Use of this service is limited only to non-sensitive and publicly available data. Users must not use, share, or store any kind of sensitive data like health status, provision or payment of healthcare, Personally Identifiable Information (PII) and/or Protected Health Information (PHI), etc. under ANY circumstance.
Administrators for this service reserve the right to moderate all information used, shared, or stored with this service at any time. Any user that cannot abide by this disclaimer and Code of Conduct may be subject to action, up to and including revoking access to services.

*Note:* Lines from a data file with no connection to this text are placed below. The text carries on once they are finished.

(* A strictly increasing function with phi 0 = 0, continuous off 0, that lies
   between a and b on each side (a the inner one) is extended K_infinity when
   a and b are: |phi| <= |b| gives continuity at 0, phi beyond a gives
   unboundedness. *)
Lemma sandwiched_ext_K_inf (phi a b : R -> R) :
  ext_K_inf a -> ext_K_inf b ->
  (forall r, 0 < r -> a r < phi r < b r) -> (forall r, r < 0 -> b r < phi r < a r) ->
  phi 0 = 0 -> strict_increasing phi -> (forall r, r <> 0 -> continuous phi r) ->
  ext_K_inf phi.
Proof.
  intros Ka Kb between_pos between_neg phi0 incr cont.
  pose proof Ka as [_ [_ [a_incr [a_above a_below]]]].
  pose proof Kb as [b_cont [b0 _]].
  assert (dominated : forall r, Rabs (phi r) <= Rabs (b r)).
  { intros r. destruct (Rtotal_order r 0) as [Hr|[->|Hr]].
    - specialize (between_neg r Hr). assert (a r < 0) by exact (ext_K_inf_neg a r Ka Hr).
      rewrite !Rabs_left by lra. lra.
    - rewrite phi0, b0. lra.
    - specialize (between_pos r Hr). assert (0 < a r) by exact (ext_K_inf_pos a r Ka Hr).
      rewrite !Rabs_right by lra. lra. }
  split; [|split; [exact phi0|split; [exact incr|split]]].
  - intros x. destruct (Req_dec x 0) as [->|Hx]; [|exact (cont x Hx)].
    apply continuous_eps_delta. intros eps Heps.
    destruct (proj1 (continuous_eps_delta b 0) (b_cont 0) eps Heps) as [d [Hd Hb]].
    exists d. split; [exact Hd|]. intros y Hy. specialize (Hb y Hy).
    rewrite phi0, Rminus_0_r. rewrite b0, Rminus_0_r in Hb.
    exact (Rle_lt_trans _ _ _ (dominated y) Hb).
  - intros M. destruct (a_above M) as [x Hx]. exists (Rmax x 1).
    assert (Hpos : 0 < Rmax x 1) by (apply Rlt_le_trans with 1; [lra|apply Rmax_r]).
    assert (a x <= a (Rmax x 1))
      by (apply strict_increasing_le; [exact a_incr|apply Rmax_l]).
    specialize (between_pos _ Hpos). lra.
  - intros M. destruct (a_below M) as [x Hx]. exists (Rmin x (-1)).
    assert (Hneg : Rmin x (-1) < 0) by (apply Rle_lt_trans with (-1); [apply Rmin_r|lra]).
    assert (a (Rmin x (-1)) <= a x)
      by (apply strict_increasing_le; [exact a_incr|apply Rmin_l]).
    specialize (between_neg _ Hneg). lra.
Qed.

The material embodied in this software is provided to you "as-is" and without warranty of any kind, express, implied or otherwise, including without limitation, any warranty of fitness for a particular purpose. In no event shall the Centers for Disease Control and Prevention (CDC) or the United States (U.S.) government be liable to you or anyone else for any direct, special, incidental, indirect or consequential damages of any kind, or any damages whatsoever, including without limitation, loss of profit, loss of use, savings or revenue, or the claims of third parties, whether or not CDC or the U.S. government has been advised of the possibility of such loss, however caused and on any theory of liability, arising out of or in connection with the possession, use or performance of this software.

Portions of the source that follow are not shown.